In the listing that follows, locate the line containing "Lemma wtp_gt0 t : 0 < wtp t." and the line containing "(* Consider a". Retype exactly those two lines and every line between them, and nothing more.

■ Extracted records:

________

Lemma kpows_fixed_of_raised {le : P -> P -> Prop} (HP : IsPartialOrder P le)
  (Hact : IsOrderRightAction G mul one P le act) x :
  act x a = x -> le x (act x (k ^ r)) ->
  le x (act x (k ^ q)) \/ le x (act x (k ^ (- q))) ->
  act x (k ^ r) = x /\ act x (k ^ q) = x.
Proof.
  intros Ha Hr Hq.
  assert (Ha' : le x (act x a)) by exact (raised_of_fixed HP _ Ha).
  assert (Hai : le x (act x a⁻¹)) by exact (raised_of_fixed HP _ (fixed_inv Hact _ Ha)).
  destruct Hq as [Hq|Hq].
  - pose proof (f_equal (act x) Hw1) as Hx. rewrite (act_one _ _ _ _ _ _ Hact) in Hx.
    apply (fixed_of_raised_list Hact HP) in Hx; [|repeat constructor; assumption].
    rewrite Forall_forall in Hx. split; apply Hx; simpl; intuition.
  - pose proof (f_equal (act x) Hw2) as Hx. rewrite (act_one _ _ _ _ _ _ Hact) in Hx.
    apply (fixed_of_raised_list Hact HP) in Hx; [|repeat constructor; assumption].
    rewrite Forall_forall in Hx. split; [apply Hx; simpl; intuition|].
    rewrite <- (Z.opp_involutive q), zpow_opp_r. apply (fixed_inv Hact).
    apply Hx. simpl. intuition.
Qed.

Lemma k_fixed_of_a_fixed {le : P -> P -> Prop} (HP : IsPartialOrder P le)
  (Hact : IsOrderRightAction G mul one P le act) x :
  Z.gcd r q = 1 -> act x a = x -> le x (act x k) -> act x k = x.
Proof.
  intros Hrq Ha Hk.
  assert (Hup : forall n, 0 <= n -> le x (act x (k ^ n))).
  { intros n Hn. exact (raised_zpow Hact HP _ _ Hk Hn). }
  assert (Hdown : forall n, n <= 0 -> le (act x (k ^ n)) x).
  { intros n Hn. exact (lowered_zpow Hact HP _ _ Hk Hn). }
  assert (Hkrq : act x (k ^ r) = x /\ act x (k ^ q) = x).
  { destruct (Z.le_ge_cases 0 r) as [Hr|Hr].
    - apply (kpows_fixed_of_raised HP Hact); auto.
      destruct (Z.le_ge_cases 0 q); [left|right]; apply Hup; lia.
    - apply (kpows_fixed_of_raised (partial_order_flip HP) (order_action_flip Hact)); auto.
      destruct (Z.le_ge_cases 0 q); [right|left]; apply Hdown; lia. }
  destruct Hkrq as [Hkr Hkq].
  exact (fixed_of_coprime_zpow Hact k r q Hrq Hkr Hkq).
Qed.

End Fixedness.

End Group.

Theorem mainTheorem7
  (p q : Z) (Hpq : Z.gcd p q = 1)
  (G : Type) (mul : G -> G -> G) (inv : G -> G) (one : G)
  (HG : IsGroup G mul inv one)
  (a b : G)
  (Hgen : forall g : G, generated mul inv one a b g)
  (Hrel : mul (mul (mul (mul (mul (mul (mul (mul a a) b) a) a) b) b) (inv a))
              (mul b b) = one)
  (Hsurg : let m := mul (inv a) (inv (mul b b)) in
           let l := mul (mul (mul a (inv b)) (mul a a)) (zpow mul inv one m (-18)) in
           mul (zpow mul inv one m p) (zpow mul inv one l q) = one)
  (k : G)
  (Hkm : zpow mul inv one k q = mul (inv a) (inv (mul b b)))
  (Hkl : zpow mul inv one k (- p) =
         mul (mul (mul a (inv b)) (mul a a))
             (zpow mul inv one (mul (inv a) (inv (mul b b))) (-18)))
  (P : Type) (le : P -> P -> Prop) (HP : IsPartialOrder P le)
  (act : P -> G -> P) (Hact : IsOrderRightAction G mul one P le act)
  (x : P)
  (Hx : (act x k = x /\ comparable le x (act x a)) \/
        (act x a = x /\ comparable le x (act x k))) :
  forall g : G, act x g = x.
Proof.
  pose proof (relator_1 HG Hkm Hkl) as Hw1.
  pose proof (relator_2 HG Hrel Hkm Hkl) as Hw2.
  assert (Hrq : Z.gcd (p - 18 * q) q = 1).
  { rewrite Z.gcd_comm, <- Z.add_opp_r, <- Z.mul_opp_l, Z.gcd_add_mult_diag_r, Z.gcd_comm.
    exact Hpq. }
  pose proof (partial_order_flip HP) as HP'. pose proof (order_action_flip Hact) as Hact'.
  assert (Hak : act x a = x /\ act x k = x).
  { destruct Hx as [[Hk [Ha|Ha]]|[Ha [Hk|Hk]]]; split; try assumption.
    - exact (a_fixed_of_k_fixed HG Hw1 HP Hact x Hk Ha).
    - exact (a_fixed_of_k_fixed HG Hw1 HP' Hact' x Hk Ha).
    - exact (k_fixed_of_a_fixed HG Hw1 Hw2 HP Hact x Hrq Ha Hk).
    - exact (k_fixed_of_a_fixed HG Hw1 Hw2 HP' Hact' x Hrq Ha Hk). }
  destruct Hak as [Ha Hk].
  assert (Hb : act x b = x).
  { rewrite (b_eq HG Hkm Hkl).
    repeat apply (fixed_mul Hact); try apply (fixed_zpow HG Hact); assumption. }
  intros g. exact (fixed_generated HG Hact a b g Ha Hb (Hgen g)).
Qed.
(* [T] is the mass of the layers above [M] that have already been peeled off. *)
Lemma weighted_sum_le_ln_from (K : finType) (w r : K -> R) (A : {set K}) a C T M :
  0 < a -> a <= M -> 0 <= T -> M * T <= C ->
  {in A, forall k, 0 <= w k /\ a <= r k <= M} ->
  {in A, forall k, r k * (T + \sum_(l in A | r k <= r l) w l) <= C} ->
  T * M + \sum_(k in A) w k * r k <= C * (1 + ln (M / a)).
Proof.
have [N] := ubnP #|A|; elim: N A T M => // N IH A T M /ltnSE cardA.
move=> a_gt0 aM T_ge0 MTC wrA massC.
have M_gt0 : 0 < M by apply: lt_le_trans aM.
have C_ge0 : 0 <= C by apply: le_trans MTC; rewrite mulr_ge0 // ltW.
have ln_ge0 : 0 <= ln (M / a) by rewrite ln_ge0 // ler_pdivlMr // mul1r.
have [-> | [k1 k1A]] := set_0Vmem A.
  rewrite big_set0 addr0; nra.
have [k0 k0A r_le_r0] : exists2 k0, k0 \in A & {in A, forall k, r k <= r k0}.
  by case: (arg_maxP r k1A) => k0; exists k0.
set r0 := r k0; set A' := A :\ k0.
have [w0_ge0 /andP [a_le_r0 r0_le_M]] := wrA k0 k0A.
have A'_sub k : k \in A' -> k \in A by rewrite in_setD1 => /andP [].
have r0_gt0 : 0 < r0 by apply: lt_le_trans a_le_r0.
have cardA' : (#|A'| < N)%N.
  by apply: leq_trans cardA; rewrite /A' (cardsD1 k0 A) k0A.
have IHA' : (T + w k0) * r0 + \sum_(k in A') w k * r k <= C * (1 + ln (r0 / a)).
  apply: IH => //; first exact: addr_ge0.
  - have := massC k0 k0A; rewrite (big_setD1_cond w k0A) //; apply: le_trans.
    rewrite ler_pM2l // addrA lerDl.
    by apply: sumr_ge0 => l /andP [/A'_sub lA _]; have [] := wrA l lA.
  - move=> k /A'_sub kA; have [wk_ge0 /andP [a_le_rk _]] := wrA k kA.
    by rewrite wk_ge0 a_le_rk r_le_r0.
  - move=> k kA'; have kA := A'_sub k kA'.
    by rewrite -addrA -(big_setD1_cond w k0A) ?massC ?r_le_r0.
have lnMa : ln (M / a) = ln (M / r0) + ln (r0 / a).
  by rewrite -lnM ?posrE ?divr_gt0 // mulrA divfK ?gt_eqF.
rewrite (big_setD1 k0 k0A) -/A' /= lnMa.
have -> : T * M + (w k0 * r0 + \sum_(k in A') w k * r k)
  = T * (M - r0) + ((T + w k0) * r0 + \sum_(k in A') w k * r k) by ring.
have -> : C * (1 + (ln (M / r0) + ln (r0 / a))) = C * ln (M / r0) + C * (1 + ln (r0 / a)).
  by ring.
by rewrite lerD // top_layer_le_ln.
Qed.

Lemma weighted_sum_le_ln (K : finType) (w r : K -> R) a C M :
  0 < a -> a <= M -> 0 <= C ->
  (forall k, 0 <= w k /\ a <= r k <= M) ->
  (forall k, r k * \sum_(l | r k <= r l) w l <= C) ->
  \sum_k w k * r k <= C * (1 + ln (M / a)).
Proof.
move=> a_gt0 aM C_ge0 wr massC.
have massC' : {in [set: K]%SET, forall k,
    r k * (0 + \sum_(l in [set: K]%SET | r k <= r l) w l) <= C}.
  by move=> k _; rewrite add0r; under eq_bigl do rewrite finset.in_setT; exact: massC.
have := @weighted_sum_le_ln_from K w r [set: K]%SET a C 0 M a_gt0 aM (lexx 0) _
  (in1W wr) massC'.
rewrite mulr0 mul0r add0r => /(_ C_ge0).
by under eq_bigl do rewrite finset.in_setT.
Qed.

End LayerCake.

Section FinitelyManyTypes.
Variables (R : realType) (n m : nat) (theta : 'I_m -> R).
Variables (d : 'I_n -> 'I_m -> ('I_n -> R) -> R) (pbar : 'I_m -> 'I_n -> R) (f : 'I_n -> R).
Hypotheses (theta_gt0 : forall j, 0 < theta j) (d_ge0 : forall i j p, 0 <= d i j p).
Hypotheses (f_gt0 : pos_vec f) (A0 : A0_fin d pbar).

Definition mass (k : 'I_m * 'I_n) : R := theta k.1 * (f k.2 * d k.2 k.1 (pbar k.1)).
Definition ratio (k : 'I_m * 'I_n) : R := pbar k.1 k.2 / f k.2.

Lemma mass_ge0 k : 0 <= mass k.
Proof. by rewrite !mulr_ge0 // ltW. Qed.

Lemma ratio_gt0 k : 0 < ratio k.
Proof. by rewrite divr_gt0 //; case: (A0 k.1). Qed.

Lemma ratio_setE : ratio_set pbar f = range ratio.
Proof.
apply/seteqP; split=> x; first by case=> j _ [i _ <-]; exists (j, i).
by case=> -[j i] _ <-; exists j => //; exists i.
Qed.

Lemma Rbar_fin_mass : Rbar_fin theta d pbar = \sum_k mass k * ratio k.
Proof.
rewrite /Rbar_fin /profit; under eq_bigr do rewrite mulr_sumr.
rewrite pair_bigA /=; apply: eq_bigr => -[j i] _ /=.
by rewrite /mass /ratio /=; field; rewrite gt_eqF.
Qed.

Lemma G_fin_mass q : G_fin theta d pbar f q = \sum_(k | q <= ratio k) mass k.
Proof.
rewrite /G_fin; under eq_bigr do rewrite mulr_sumr.
rewrite pair_bigA [RHS]big_mkcond /=; apply: eq_bigr => -[j i] _ /=.
by rewrite /delta /mass /ratio /=; case: ifP => _; ring.
Qed.

Lemma mulr_H_fin q : q * H_fin theta d f q = Ragg_fin theta d (scalev q f).
Proof.
rewrite /H_fin /Ragg_fin /profit mulr_sumr; apply: eq_bigr => j _.
rewrite mulrCA mulr_sumr; congr (_ * _); apply: eq_bigr => i _.
by rewrite /scalev mulrA.
Qed.

Lemma Ragg_fin_le_Rbar p : nonneg_vec p -> Ragg_fin theta d p <= Rbar_fin theta d pbar.
Proof.
move=> p_ge0; apply: ler_sum => j _; apply: ler_wpM2l; first exact: ltW.
by case: (A0 j) => _; apply.
Qed.

Lemma Ragg_fin_le_Rf q : 0 < q -> Ragg_fin theta d (scalev q f) <= Rf_fin theta d f.
Proof.
move=> q_gt0; apply: ub_le_sup; last by exists q.
exists (Rbar_fin theta d pbar) => _ [q' q'_gt0 <-]; apply: Ragg_fin_le_Rbar => i.
by rewrite mulr_ge0 // ltW.
Qed.

Lemma Rf_fin_ge0 : 0 <= Rf_fin theta d f.
Proof.
apply: le_trans (Ragg_fin_le_Rf ltr01); rewrite /Ragg_fin; apply: sumr_ge0 => j _.
apply: mulr_ge0; first exact: ltW.
apply: sumr_ge0 => i _.
by rewrite mulr_ge0 // mulr_ge0 // ltW.
Qed.

Lemma Rbar_fin_le_ln : A1_fin theta d pbar f ->
  Rbar_fin theta d pbar <= (1 + ln (qmax pbar f / qmin pbar f)) * Rf_fin theta d f.
Proof.
move=> A1; rewrite Rbar_fin_mass /qmin /qmax ratio_setE mulrC.
have [k0 _ | K0] := pickP (@predT ('I_m * 'I_n)); last first.
  (* no pair (j, i) at all: [qmin] and [qmax] are [inf set0 = sup set0 = 0], and [ln 0 = 0] *)
  have -> : range ratio = set0 by apply/seteqP; split=> x // [k]; have := K0 k.
  rewrite big1 => [|k _]; last by have := K0 k.
  by rewrite sup0 inf0 mul0r ln0 // addr0 mulr1 Rf_fin_ge0.
have [kmin -> kmin_min] := inf_range_fin ratio k0.
have [kmax -> kmax_max] := sup_range_fin ratio k0.
apply: weighted_sum_le_ln => [||||k].
- exact: ratio_gt0.
- exact: kmax_max.
- exact: Rf_fin_ge0.
- by move=> k; rewrite mass_ge0 kmin_min kmax_max.
rewrite -G_fin_mass; apply: le_trans (Ragg_fin_le_Rf (ratio_gt0 k)).
by rewrite -mulr_H_fin ler_wpM2l ?A1 // ltW // ratio_gt0.
Qed.

End FinitelyManyTypes.

Section UniformTypes.
Variable R : realType.
Local Notation mu := (@lebesgue_measure R).

Lemma integral_itv_inv (a b : R) : 0 < a -> a < b ->
  (\int[mu]_(x in `[a, b]) (x^-1)%:E = (ln b)%:E - (ln a)%:E)%E.
Proof.
move=> a_gt0 ab; apply: (continuous_FTC2 ab).
- apply: continuous_in_subspaceT => x; rewrite inE /= in_itv /= => /andP [ax _].
  by apply: inv_continuous; rewrite gt_eqF // (lt_le_trans a_gt0 ax).
- split.
  + move=> x; rewrite in_itv /= => /andP [ax _].
    by apply: ex_derive; apply: is_derive1_ln; apply: lt_trans ax.
  + by apply: cvg_at_right_filter; apply: continuous_ln.
  + by apply: cvg_at_left_filter; apply: continuous_ln; apply: lt_trans ab.
- move=> x; rewrite in_itv /= => /andP [ax _].
  by rewrite derive1E; have [_ ->] := is_derive1_ln (lt_trans a_gt0 ax).
Qed.

Lemma integral_itv_le (h : R -> R) (a b e c : R) : measurable_fun setT h ->
  a <= b -> b <= e -> (forall t, 0 <= h t <= c) -> (forall t, b < t <= e -> h t = 0) ->
  (\int[mu]_(t in `[a, e]) (h t)%:E <= (c * (b - a))%:E)%E.
Proof.
move=> mh ab be h_bnd h0.
have mhE : measurable_fun setT (fun t => (h t)%:E) by apply/measurable_EFinP.
have h_ge0 t : (0 <= (h t)%:E)%E by rewrite lee_fin; have /andP [] := h_bnd t.
rewrite (@itv_bndbnd_setU _ _ (BLeft a) (BRight b) (BRight e)) //.
rewrite ge0_integral_setU //=; last 2 first.
- exact: measurable_funTS.
- apply: lt_disjoint => x y; rewrite !in_itv /= => /andP [_ xb] /andP [bx _].
  exact: le_lt_trans xb bx.
rewrite (@eq_integral _ _ _ mu `]b, e] (fun=> 0%E)); last first.
  by move=> t; rewrite inE /= in_itv /= => /h0 ->.
rewrite integral0 adde0.
apply: (@le_trans _ _ (\int[mu]_(t in `[a, b]) (cst c%:E) t)%E).
  apply: ge0_le_integral => //; first exact: measurable_funTS.
  by move=> t _; rewrite lee_fin; have /andP [] := h_bnd t.
rewrite integral_cst //= lebesgue_measure_itv /= lte_fin.
case: ltP => [_|ba]; first by rewrite -EFinD -EFinM.
have -> : b = a by apply/eqP; rewrite eq_le ba ab.
by rewrite mule0 subrr mulr0.
Qed.

Let idTR : measurableTypeR R -> R := idfun.
#[local] HB.instance Definition _ :=
  @isMeasurableFun.Build _ _ _ _ idTR (@measurable_id _ _ setT).

(* [uniform_prob] lives on the Lebesgue sigma-algebra; its image by the identity is the
   uniform distribution on [0, 1] as a probability on the Borel sets of [R]. *)
Definition uniform01 : probability R R :=
  distribution (uniform_prob (@ltr01 R))
    (idTR : {RV uniform_prob (@ltr01 R) >-> R}).

Lemma integral_uniform01 (g : R -> \bar R) :
  measurable_fun [set: R] g -> (forall x, (0 <= g x)%E) ->
  (\int[uniform01]_x g x = \int[mu]_(x in `[0%R, 1%R]) g x)%E.
Proof.
move=> mg g_ge0; rewrite ge0_integral_distribution //.
by rewrite integral_uniform //= subr0 invr1 mul1e.
Qed.

Lemma integrable_bounded d (T : measurableType d) (P : probability T R) (g : T -> R) B :
  measurable_fun setT g -> (forall x, `|g x| <= B) -> P.-integrable setT (EFin \o g).
Proof.
move=> mg g_bnd; apply: measurable_bounded_integrable => //.
  exact: le_lt_trans (probability_le1 P measurableT) (ltry 1).
exists B; split; first exact: num_real.
by move=> M BM x _ /=; apply: le_trans (g_bnd x) _; exact: ltW.
Qed.

End UniformTypes.

Section Tightness.
Variables (R : realType) (rho : R).
Hypothesis rho_gt1 : 1 < rho.
Local Notation mu := (@lebesgue_measure R).

Let rho_gt0 : 0 < rho. Proof. exact: lt_trans rho_gt1. Qed.
Let rhoV_gt0 : 0 < rho^-1. Proof. by rewrite invr_gt0. Qed.
Let rhoV_lt1 : rho^-1 < 1. Proof. by rewrite invf_lt1. Qed.

(* On [0, 1] the willingness to pay of type [t] is [min rho (1/t)]; clamping [|t|]
   keeps it continuous and bounded on all of [R], where no other type has mass. *)
Definition inv_wtp (t : R) : R := Num.max rho^-1 (Num.min 1 `|t|).
Definition wtp (t : R) : R := (inv_wtp t)^-1.

Lemma inv_wtp_ge t : rho^-1 <= inv_wtp t.
Proof. by rewrite le_max lexx. Qed.

Lemma inv_wtp_le1 t : inv_wtp t <= 1.
Proof. by rewrite ge_max (ltW rhoV_lt1) ge_min lexx. Qed.

Lemma inv_wtp_gt0 t : 0 < inv_wtp t.
Proof. exact: lt_le_trans rhoV_gt0 (inv_wtp_ge t). Qed.

Lemma wtp_ge1 t : 1 <= wtp t.
Proof. by rewrite invf_ge1 ?inv_wtp_gt0 ?inv_wtp_le1. Qed.

Lemma wtp_gt0 t : 0 < wtp t.
Proof. exact: lt_le_trans ltr01 (wtp_ge1 t). Qed.

Lemma wtp_le t : wtp t <= rho.
Proof.
by rewrite -[X in _ <= X]invrK lef_pV2 ?posrE ?inv_wtp_gt0 ?inv_wtp_ge.
Qed.
(* Consider a multi-sender single-uniprior index-coding instance with binary messages, information-flow graph $\mathcal{G}$ and message graph $\mathcal{U}$, in which each message is known to exactly one sender (i.e., the senders' message sets $\mathcal{M}_1,\dots,\mathcal{M}_S$ partition the message set). Then \[ \tilde{\ell}^*(\mathcal{G},\mathcal{U}) = V_{\mathrm{out}}(\mathcal{G}) - N_{\mathrm{conn}}(\mathcal{G},\mathcal{U}), \] where $N_{\mathrm{conn}}(\mathcal{G},\mathcal{U})$ is the number of message-connected leaf SCCs of $\mathcal{G}$.
   Context: Multi-sender single-uniprior index coding with binary messages: there are $n$ receivers and $n$ independent messages $x_1,\dots,x_n$, each a single bit uniformly distributed on $\{0,1\}$. Receiver $i$ knows $x_i$ a priori and requests a set of messages not containing $x_i$. The information-flow graph is the directed graph $\mathcal{G}=(\mathcal{V},\mathcal{A})$, $\mathcal{V}=\{1,\dots,n\}$, with an arc $(j\to i)$ iff receiver $i$ requests $x_j$. There are $S$ senders; sender $s$ knows a subset $\mathcal{M}_s$ of the messages, and every message is known to some sender. An index code consists of, for each sender $s$, an encoding function mapping the messages in $\mathcal{M}_s$ to $\ell_s$ bits, and for each receiver $i$ a decoding function that, from all senders' outputs together with $x_i$, returns every message requested by $i$, for all message values; its length is $\sum_s \ell_s$. $\tilde{\ell}^*(\mathcal{G},\mathcal{U})$ is the minimum length of an index code for the instance. The message graph $\mathcal{U}$ is the undirected graph on $\mathcal{V}$ with an edge $\{i,j\}$ iff some sender knows both $x_i$ and $x_j$. A leaf vertex of $\mathcal{G}$ has no outgoing arcs; $V_{\mathrm{out}}(\mathcal{G})$ is the number of non-leaf vertices. A leaf SCC of $\mathcal{G}$ is a strongly connected component with at least two vertices and no arc from it to a vertex outside it. A leaf SCC with vertex set $\mathcal{V}_S$ is message-connected iff the subgraph of $\mathcal{U}$ induced by $\mathcal{V}_S$ is connected. *)

From mathcomp Require Import all_boot.
Set Implicit Arguments. Unset Strict Implicit. Unset Printing Implicit Defensive.

(* Vertices / receivers / messages are indexed by 'I_n.
   Information-flow graph G : rel 'I_n, with  G j i  meaning the arc (j -> i),
   i.e. receiver i requests message x_j. *)

Section Defs.
Variables (n S : nat).

Definition depends_only_on (A : {set 'I_n}) (T : Type)
  (f : {ffun 'I_n -> bool} -> T) : Prop :=
  forall x y : {ffun 'I_n -> bool}, (forall j, j \in A -> x j = y j) -> f x = f y.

________

■ Result for this task:
Lemma wtp_gt0 t : 0 < wtp t.
Proof. exact: lt_le_trans ltr01 (wtp_ge1 t). Qed.

Lemma wtp_le t : wtp t <= rho.
Proof.
by rewrite -[X in _ <= X]invrK lef_pV2 ?posrE ?inv_wtp_gt0 ?inv_wtp_ge.
Qed.
(* Consider a multi-sender single-uniprior index-coding instance with binary messages, information-flow graph $\mathcal{G}$ and message graph $\mathcal{U}$, in which each message is known to exactly one sender (i.e., the senders' message sets $\mathcal{M}_1,\dots,\mathcal{M}_S$ partition the message set). Then \[ \tilde{\ell}^*(\mathcal{G},\mathcal{U}) = V_{\mathrm{out}}(\mathcal{G}) - N_{\mathrm{conn}}(\mathcal{G},\mathcal{U}), \] where $N_{\mathrm{conn}}(\mathcal{G},\mathcal{U})$ is the number of message-connected leaf SCCs of $\mathcal{G}$.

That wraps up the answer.